Some entries follow. Reproduce exactly the lines starting at the one with "pose glue (c" and stopping after the one with "(* Let $X,Y$".

--- MATERIAL SHOWN ---

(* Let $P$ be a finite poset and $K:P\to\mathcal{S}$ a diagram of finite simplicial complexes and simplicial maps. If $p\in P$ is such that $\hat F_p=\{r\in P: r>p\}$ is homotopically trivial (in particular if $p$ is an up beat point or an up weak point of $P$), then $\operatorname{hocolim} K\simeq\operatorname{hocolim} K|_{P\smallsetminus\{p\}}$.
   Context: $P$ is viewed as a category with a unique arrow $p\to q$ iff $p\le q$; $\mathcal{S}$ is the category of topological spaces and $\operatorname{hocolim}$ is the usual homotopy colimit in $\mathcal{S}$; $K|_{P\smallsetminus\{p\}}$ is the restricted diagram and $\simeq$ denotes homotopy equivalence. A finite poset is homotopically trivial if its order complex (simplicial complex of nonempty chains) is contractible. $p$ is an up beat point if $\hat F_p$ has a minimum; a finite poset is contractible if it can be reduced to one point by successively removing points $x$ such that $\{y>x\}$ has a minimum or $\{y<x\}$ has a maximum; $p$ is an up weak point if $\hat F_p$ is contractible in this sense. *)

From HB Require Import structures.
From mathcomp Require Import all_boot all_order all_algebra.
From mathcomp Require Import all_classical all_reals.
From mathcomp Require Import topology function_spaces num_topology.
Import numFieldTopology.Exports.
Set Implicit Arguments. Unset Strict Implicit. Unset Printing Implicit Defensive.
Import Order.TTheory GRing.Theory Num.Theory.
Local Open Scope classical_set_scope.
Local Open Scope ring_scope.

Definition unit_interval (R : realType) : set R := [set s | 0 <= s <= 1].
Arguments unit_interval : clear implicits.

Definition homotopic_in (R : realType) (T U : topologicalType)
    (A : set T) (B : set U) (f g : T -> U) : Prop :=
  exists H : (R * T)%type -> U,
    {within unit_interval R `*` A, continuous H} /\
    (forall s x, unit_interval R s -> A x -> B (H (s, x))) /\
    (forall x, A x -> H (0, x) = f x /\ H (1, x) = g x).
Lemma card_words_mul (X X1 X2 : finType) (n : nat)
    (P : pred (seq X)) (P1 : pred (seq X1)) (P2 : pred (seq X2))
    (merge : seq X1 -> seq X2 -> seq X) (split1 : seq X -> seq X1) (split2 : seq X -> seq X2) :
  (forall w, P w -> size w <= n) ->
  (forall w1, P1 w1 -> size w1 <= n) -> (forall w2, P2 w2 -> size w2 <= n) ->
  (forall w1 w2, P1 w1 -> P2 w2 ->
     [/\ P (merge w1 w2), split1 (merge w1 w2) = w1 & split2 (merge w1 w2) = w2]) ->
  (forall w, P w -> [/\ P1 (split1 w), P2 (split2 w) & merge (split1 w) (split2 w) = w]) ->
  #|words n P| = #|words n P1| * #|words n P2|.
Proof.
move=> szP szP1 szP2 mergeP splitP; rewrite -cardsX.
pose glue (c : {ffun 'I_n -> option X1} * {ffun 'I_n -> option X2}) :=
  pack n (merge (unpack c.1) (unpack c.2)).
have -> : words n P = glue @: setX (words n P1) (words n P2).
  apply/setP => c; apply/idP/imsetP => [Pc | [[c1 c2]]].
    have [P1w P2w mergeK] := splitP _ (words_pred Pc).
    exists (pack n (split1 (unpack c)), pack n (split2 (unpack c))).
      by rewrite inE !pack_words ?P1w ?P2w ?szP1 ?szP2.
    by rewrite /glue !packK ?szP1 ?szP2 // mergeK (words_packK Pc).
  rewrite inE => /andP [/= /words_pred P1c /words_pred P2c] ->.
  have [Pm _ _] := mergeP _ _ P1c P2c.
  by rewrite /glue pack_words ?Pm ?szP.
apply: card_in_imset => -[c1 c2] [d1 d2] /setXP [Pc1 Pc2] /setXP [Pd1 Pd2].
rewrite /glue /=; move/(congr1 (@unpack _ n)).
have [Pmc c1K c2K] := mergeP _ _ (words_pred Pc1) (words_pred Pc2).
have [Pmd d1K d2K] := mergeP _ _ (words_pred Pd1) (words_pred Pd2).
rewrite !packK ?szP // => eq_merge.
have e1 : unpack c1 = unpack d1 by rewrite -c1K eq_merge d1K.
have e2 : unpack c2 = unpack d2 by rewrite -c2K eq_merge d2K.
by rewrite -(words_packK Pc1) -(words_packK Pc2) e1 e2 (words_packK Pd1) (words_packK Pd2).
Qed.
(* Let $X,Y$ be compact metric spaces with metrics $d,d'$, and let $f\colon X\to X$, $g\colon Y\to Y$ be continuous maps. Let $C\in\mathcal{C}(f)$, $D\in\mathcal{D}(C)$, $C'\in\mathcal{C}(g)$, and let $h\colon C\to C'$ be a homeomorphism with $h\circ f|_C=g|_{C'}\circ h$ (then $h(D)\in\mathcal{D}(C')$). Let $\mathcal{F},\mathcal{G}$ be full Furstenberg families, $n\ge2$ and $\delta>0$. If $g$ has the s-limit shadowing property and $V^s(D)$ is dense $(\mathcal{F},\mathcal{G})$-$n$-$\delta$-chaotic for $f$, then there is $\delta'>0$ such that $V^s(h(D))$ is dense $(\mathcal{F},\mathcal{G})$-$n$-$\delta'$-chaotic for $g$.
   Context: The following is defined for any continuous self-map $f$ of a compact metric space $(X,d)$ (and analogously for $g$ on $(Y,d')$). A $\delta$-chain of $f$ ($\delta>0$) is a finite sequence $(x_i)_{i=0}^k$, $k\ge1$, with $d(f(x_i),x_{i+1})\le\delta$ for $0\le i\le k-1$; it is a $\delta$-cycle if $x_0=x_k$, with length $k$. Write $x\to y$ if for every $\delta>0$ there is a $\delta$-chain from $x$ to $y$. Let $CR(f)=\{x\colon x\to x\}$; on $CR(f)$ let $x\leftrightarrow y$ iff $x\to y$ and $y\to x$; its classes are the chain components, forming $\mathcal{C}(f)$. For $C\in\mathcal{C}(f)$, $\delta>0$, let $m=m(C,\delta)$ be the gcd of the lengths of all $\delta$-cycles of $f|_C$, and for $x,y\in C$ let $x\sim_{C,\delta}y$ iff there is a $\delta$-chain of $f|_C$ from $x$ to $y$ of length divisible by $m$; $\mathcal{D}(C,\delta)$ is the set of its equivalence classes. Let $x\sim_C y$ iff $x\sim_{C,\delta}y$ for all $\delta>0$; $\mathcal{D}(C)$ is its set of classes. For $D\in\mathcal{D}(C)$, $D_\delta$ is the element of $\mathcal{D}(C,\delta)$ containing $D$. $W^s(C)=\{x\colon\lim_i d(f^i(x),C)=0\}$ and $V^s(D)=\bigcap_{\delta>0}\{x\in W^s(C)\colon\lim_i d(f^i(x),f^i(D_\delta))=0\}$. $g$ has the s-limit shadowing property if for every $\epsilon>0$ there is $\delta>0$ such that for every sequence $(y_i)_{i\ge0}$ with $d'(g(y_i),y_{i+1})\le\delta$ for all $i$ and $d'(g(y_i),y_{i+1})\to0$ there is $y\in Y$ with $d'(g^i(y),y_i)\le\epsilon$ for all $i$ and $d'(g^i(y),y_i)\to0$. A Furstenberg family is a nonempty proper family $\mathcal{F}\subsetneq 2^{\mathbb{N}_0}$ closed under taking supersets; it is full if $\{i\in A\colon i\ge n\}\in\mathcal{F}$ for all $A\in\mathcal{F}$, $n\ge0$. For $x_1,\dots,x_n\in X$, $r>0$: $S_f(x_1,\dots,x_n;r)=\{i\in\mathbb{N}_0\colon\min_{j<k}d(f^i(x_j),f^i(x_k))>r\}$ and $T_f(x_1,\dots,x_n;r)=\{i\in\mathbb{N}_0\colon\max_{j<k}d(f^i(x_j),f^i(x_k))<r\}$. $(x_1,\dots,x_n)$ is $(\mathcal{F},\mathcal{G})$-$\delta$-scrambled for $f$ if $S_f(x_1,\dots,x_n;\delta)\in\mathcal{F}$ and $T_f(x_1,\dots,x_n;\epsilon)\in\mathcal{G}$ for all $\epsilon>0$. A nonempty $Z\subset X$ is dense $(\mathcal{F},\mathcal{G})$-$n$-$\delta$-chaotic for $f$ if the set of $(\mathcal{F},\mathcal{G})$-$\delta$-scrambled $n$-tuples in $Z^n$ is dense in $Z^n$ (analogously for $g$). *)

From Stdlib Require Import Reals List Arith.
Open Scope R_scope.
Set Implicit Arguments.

---

■ RESULT BELOW
pose glue (c : {ffun 'I_n -> option X1} * {ffun 'I_n -> option X2}) :=
  pack n (merge (unpack c.1) (unpack c.2)).
have -> : words n P = glue @: setX (words n P1) (words n P2).
  apply/setP => c; apply/idP/imsetP => [Pc | [[c1 c2]]].
    have [P1w P2w mergeK] := splitP _ (words_pred Pc).
    exists (pack n (split1 (unpack c)), pack n (split2 (unpack c))).
      by rewrite inE !pack_words ?P1w ?P2w ?szP1 ?szP2.
    by rewrite /glue !packK ?szP1 ?szP2 // mergeK (words_packK Pc).
  rewrite inE => /andP [/= /words_pred P1c /words_pred P2c] ->.
  have [Pm _ _] := mergeP _ _ P1c P2c.
  by rewrite /glue pack_words ?Pm ?szP.
apply: card_in_imset => -[c1 c2] [d1 d2] /setXP [Pc1 Pc2] /setXP [Pd1 Pd2].
rewrite /glue /=; move/(congr1 (@unpack _ n)).
have [Pmc c1K c2K] := mergeP _ _ (words_pred Pc1) (words_pred Pc2).
have [Pmd d1K d2K] := mergeP _ _ (words_pred Pd1) (words_pred Pd2).
rewrite !packK ?szP // => eq_merge.
have e1 : unpack c1 = unpack d1 by rewrite -c1K eq_merge d1K.
have e2 : unpack c2 = unpack d2 by rewrite -c2K eq_merge d2K.
by rewrite -(words_packK Pc1) -(words_packK Pc2) e1 e2 (words_packK Pd1) (words_packK Pd2).
Qed.
(* Let $X,Y$ be compact metric spaces with metrics $d,d'$, and let $f\colon X\to X$, $g\colon Y\to Y$ be continuous maps. Let $C\in\mathcal{C}(f)$, $D\in\mathcal{D}(C)$, $C'\in\mathcal{C}(g)$, and let $h\colon C\to C'$ be a homeomorphism with $h\circ f|_C=g|_{C'}\circ h$ (then $h(D)\in\mathcal{D}(C')$). Let $\mathcal{F},\mathcal{G}$ be full Furstenberg families, $n\ge2$ and $\delta>0$. If $g$ has the s-limit shadowing property and $V^s(D)$ is dense $(\mathcal{F},\mathcal{G})$-$n$-$\delta$-chaotic for $f$, then there is $\delta'>0$ such that $V^s(h(D))$ is dense $(\mathcal{F},\mathcal{G})$-$n$-$\delta'$-chaotic for $g$.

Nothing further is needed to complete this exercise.